When you run a Playbook using the ansible-playbook command, Ansible will connect to
the hosts specified in the hosts section and run the tasks one by one, in order.
One or more tasks may have a `notify` section (just like the second task in our example).
The `notify` actions are triggered at the end of each block of tasks in a playbook,
and will only be triggered once even if notified by multiple different tasks.
When triggered, the corresponding handler will be executed.

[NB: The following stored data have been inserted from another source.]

Lemma extremal_of_rmax q e : is_real q -> rmax q e ->
  exists rq, er_pred rq /\ rmax rq e /\ exists f, @rmap _ q rq f.
Proof.
move: {2}(rweight q).+1 (ltnSn (rweight q)) => N.
elim: N q => // N IH q hN hq hqe.
case: (classic (extremal q)) => hext.
  have [t [ht _]] := hqe.
  exists q; split; first by split; [|split; [|exists t]].
  by split=> //; exists (fun a => Some a); exact: rmap_id.
have [q' [hq' [hq'e [[f hf] hlt]]]] := nonextremal_shrink hq hqe hext.
have [rq [hrq [hrqe [g hg]]]] := IH q' (leq_trans hlt hN) hq' hq'e.
by exists rq; split=> //; split=> //; exists (pcomp g f); exact: rmap_comp hf hg.
Qed.

Lemma extremal_below r b : is_real r ->
  exists rq, er_pred rq /\ rmax rq (fr_rho r b) /\ exists f, @rmap _ r rq f.
Proof.
move=> hr; have [f hf] := rdown_rmap b hr.
have [rq [hrq [hrqe [g hg]]]] := extremal_of_rmax (rdown_real b hr) (rdown_rmax b hr).
by exists rq; split=> //; split=> //; exists (pcomp g f); exact: rmap_comp hf hg.
Qed.

End Extremal.

Section ErEvents.
Variable A : gesd.
Implicit Types (p q : erev A) (r : freal (gev A)) (e : gev A).

Lemma rmax_riso r r' f e : is_real r' -> @riso _ r r' f -> rmax r e -> rmax r' e.
Proof.
move=> [hrefl [_ [htrans _]]] [hf [g [hg [fg gf]]]] [t [ht te]].
have [t' [ft gt']] := obind_someP (fg t).
exists t'; split; last by have [_ [_ frho]] := hf; rewrite (frho _ _ ft).
move=> y; have [fsurj _] := hf; have [x fx] := fsurj y.
have [y' [y't gy']] := rmap_reflect_le hrefl htrans hg gt' (ht x).
by have := gf y'; rewrite gy' /= fx => -[->].
Qed.

Lemma rmax_uniq r e1 e2 : is_real r -> rmax r e1 -> rmax r e2 -> e1 = e2.
Proof. by move=> [_ [hanti _]] [t1 [h1 <-]] [t2 [h2 <-]]; rewrite (hanti _ _ (h2 t1) (h1 t2)). Qed.

Lemma erev_real p r : proj1_sig p r -> is_real r.
Proof. by case: p => C [r0 [_ hC]] /= /hC []. Qed.

Lemma erev_risomorphic p r1 r2 : proj1_sig p r1 -> proj1_sig p r2 -> risomorphic r1 r2.
Proof.
case: p => C [r0 [_ hC]] /= /hC [_ h1] /hC [_ h2].
exact: risomorphic_trans (risomorphic_sym h1) h2.
Qed.

Lemma erev_rep p : exists r, proj1_sig p r /\ er_pred r.
Proof.
case: p => C [r0 [h0 hC]] /=; exists r0; split=> //; apply/hC.
by split; [case: h0 | exists (fun a => Some a); exact: riso_id].
Qed.

Lemma er_max_mem p e r : er_max p e -> proj1_sig p r -> rmax r e.
Proof.
move=> [r1 [pr1 m1]] pr; have [f hf] := erev_risomorphic pr1 pr.
exact: rmax_riso (erev_real pr) hf m1.
Qed.

Lemma er_max_uniq p e1 e2 : er_max p e1 -> er_max p e2 -> e1 = e2.
Proof. by move=> h1 [r [pr m2]]; exact: rmax_uniq (erev_real pr) (er_max_mem h1 pr) m2. Qed.

Lemma er_max_ex p : exists e, er_max p e.
Proof.
have [r [pr [_ [_ [t ht]]]]] := erev_rep p.
by exists (fr_rho r t), r; split=> //; exists t.
Qed.
(* The final comparison of sums: terms with mu_j > mu_i are nonpositive and
   the remaining weights are dominated (t ranges over a list of rounds). *)
Lemma weighted_gap_sum_le (R : realDomainType) (I : finType) (J : eqType)
    (s : seq J) (mu : I -> R) (pA pB : J -> I * I -> R) :
  (forall t x, t \in s -> 0 <= pA t x) ->
  (forall t x, t \in s -> mu x.2 <= mu x.1 -> pA t x <= pB t x) ->
  \sum_(t <- s) \sum_(x : I * I) pA t x * (mu x.1 - mu x.2) <=
  \sum_(i : I) \sum_(j : I | mu j <= mu i) \sum_(t <- s) pB t (i, j) * (mu i - mu j).
Proof.
move=> pA0 pAB.
rewrite [leLHS](_ : _ = \sum_i \sum_j \sum_(t <- s) pA t (i, j) * (mu i - mu j));
  last by rewrite exchange_big pair_big; apply: eq_bigr => -[].
rewrite ler_sum // => i _.
rewrite (bigID (fun j => mu j <= mu i)) /= -[leRHS]addr0 lerD //.
  rewrite ler_sum // => j ji; rewrite big_seq [leRHS]big_seq ler_sum // => t ts.
  by rewrite ler_wpM2r ?subr_ge0 // pAB.
rewrite sumr_le0 // => j; rewrite -ltNge => ij; rewrite big_seq sumr_le0 // => t ts.
by rewrite mulr_ge0_le0 ?pA0 // subr_le0 ltW.
Qed.

Section regret_decomposition.
Variables (R : realType) (Omega : Type) (K : nat) (ell : nat -> Omega -> 'I_K -> R)
  (S : nat -> Omega -> {set 'I_K}) (k : nat -> Omega -> 'I_K) (T : nat).

Lemma ordering_regret_events (sigma : {perm 'I_K}) :
  (forall t w, (1 <= t)%N -> k t w \in S t w) ->
  ordering_regret ell S k T sigma = fun w => \sum_(1 <= t < T.+1) \sum_(x : 'I_K * 'I_K)
    ((k t w == x.1) && (ord_pick sigma (S t w) == Some x.2))%:R *
    (ell t w x.1 - ell t w x.2).
Proof.
move=> HkS; apply/funext => w; apply: eq_big_nat => t /andP[t1 _].
have [j pickj] := ord_pick_exists sigma (HkS t w t1).
rewrite pickj -(sum_pair_delta (k t w) j (fun x => ell t w x.1 - ell t w x.2)).
by apply: eq_bigr => x _.
Qed.

Lemma int_regret_events (i j : 'I_K) :
  int_regret ell S k T i j = fun w => \sum_(1 <= t < T.+1) \sum_(x <- [:: (i, j)])
    ((k t w == x.1) && (x.2 \in S t w))%:R * (ell t w x.1 - ell t w x.2).
Proof.
apply/funext => w; apply: eq_bigr => t _; rewrite big_seq1 /= mulrC.
by case: eqVneq => [->|]; rewrite ?mul0r.
Qed.
End regret_decomposition.

Theorem lemma2 (R : realType) (d : measure_display) (Omega : measurableType d)
  (P : probability Omega R) (K : nat)
  (ell : nat -> Omega -> 'I_K -> R) (S : nat -> Omega -> {set 'I_K})
  (k : nat -> Omega -> 'I_K) (mu : 'I_K -> R)
  (F : nat -> set (set Omega)) (F0 : set (set Omega))
  (* F t = events determined before the learner observes l_t(k_t) at round t *)
  (HFsig : forall t, sigma_algebra setT (F t))
  (HFmeas : forall t, F t `<=` measurable)
  (HFmono : forall t, F t `<=` F t.+1)
  (* losses in [0,1]; l_t is determined before round t+1 *)
  (Hl01 : forall t w j, 0 <= ell t w j <= 1)
  (Hlad : forall t j (B : set R), (1 <= t)%N -> measurable B ->
            F t.+1 [set w | B (ell t w j)])
  (* S_t and k_t are determined before the observation of round t *)
  (HSad : forall t (A : {set 'I_K}), (1 <= t)%N -> F t [set w | S t w = A])
  (Hkad : forall t (i : 'I_K), (1 <= t)%N -> F t [set w | k t w = i])
  (* the learner picks an available arm *)
  (HkS : forall t w, (1 <= t)%N -> k t w \in S t w)
  (* the learner only uses its internal randomness F0, S_1..S_t and the
     observed losses l_s(k_s), s < t *)
  (HF0 : F0 `<=` F 1)
  (Hlearner : forall t (i : 'I_K), (1 <= t)%N ->
     <<s learner_info ell S k F0 t measurable >> [set w | k t w = i])
  (* l_t is independent of everything determined before round t's observation *)
  (Hindep : forall t (A : set Omega) (B : 'I_K -> set R), (1 <= t)%N ->
     F t A -> (forall j, measurable (B j)) ->
     P (A `&` loss_in ell t B) = (P A * P (loss_in ell t B))%E)
  (* the l_t are identically distributed *)
  (Hident : forall t (B : 'I_K -> set R), (1 <= t)%N ->
     (forall j, measurable (B j)) ->
     P (loss_in ell t B) = P (loss_in ell 1 B))
  (* with mean vector mu *)
  (Hmean : forall j, ('E_P[fun w => ell 1%N w j] = (mu j)%:E)%E)
  (T : nat) (sigma : {perm 'I_K}) :
  ('E_P[ordering_regret ell S k T sigma]
    <= \sum_(i < K) \sum_(j < K | (mu j <= mu i)%R) 'E_P[int_regret ell S k T i j])%E.
Proof.
pose qA t (x : 'I_K * 'I_K) w := (k t w == x.1) && (ord_pick sigma (S t w) == Some x.2).
pose qB t (x : 'I_K * 'I_K) w := (k t w == x.1) && (x.2 \in S t w).
have adapted := adapted_event HFsig HSad Hkad.
have FA t x : (1 <= t)%N -> F t [set w | qA t x w].
  exact: adapted (fun A i => (i == x.1) && (ord_pick sigma A == Some x.2)).
have FB t x : (1 <= t)%N -> F t [set w | qB t x w].
  exact: adapted (fun A i => (i == x.1) && (x.2 \in A)).
have Eregret := expectation_regret_sum HFmeas Hl01 Hlad Hindep Hident Hmean.
under eq_bigr => i _ do under eq_bigr => j _ do
  rewrite int_regret_events (Eregret _ _ _ _ qB) //.
under eq_bigr => i _ do rewrite sumEFin.
rewrite sumEFin.
under eq_bigr => i _ do under eq_bigr => j _ do under eq_bigr => t _ do rewrite big_seq1.
rewrite ordering_regret_events // (Eregret _ _ _ _ qA) // lee_fin /=.
apply: (@weighted_gap_sum_le _ _ _ _ _ (fun t x => fine (P [set w | qA t x w]))
                            (fun t x => fine (P [set w | qB t x w]))) => t x.
  by move=> _; exact/fine_ge0/measure_ge0.
(* {k_t = i, sigma(S_t) = j} is contained in {k_t = i, j \in S_t}. *)
rewrite mem_index_iota => /andP[t1 _] _.
have [mA mB] := (HFmeas _ _ (FA t x t1), HFmeas _ _ (FB t x t1)).
apply: fine_le; rewrite ?fin_num_measure //.
apply: le_measure; rewrite ?inE // => w /andP[kx /eqP pick].
by rewrite /qB /= kx (ord_pick_mem pick).
Qed.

In the example above the handler will restart Apache because we changed a config
file.
Run a Playbook
--------------
Now that we have created a sample Playbook, save it on the file system and execute it::
ansible-playbook test.yml -u geo
PLAY [84.33.2.70] *************************************************************
GATHERING FACTS ***************************************************************
ok: [84.33.2.70]
TASK: [test] ******************************************************************
ok: [84.33.2.70]
PLAY RECAP ********************************************************************
84.33.2.70 : ok=2 changed=0 unreachable=0 failed=0
This concludes our brief tutorial on Ansible. For a more thorough introduction
refer the `official documentation <https://docs.ansible.com/>`_.
Also, take a look at the `Ansible examples repository <https://github.com/ansible/ansible-examples>`_
or a set of Playbooks showing common techniques.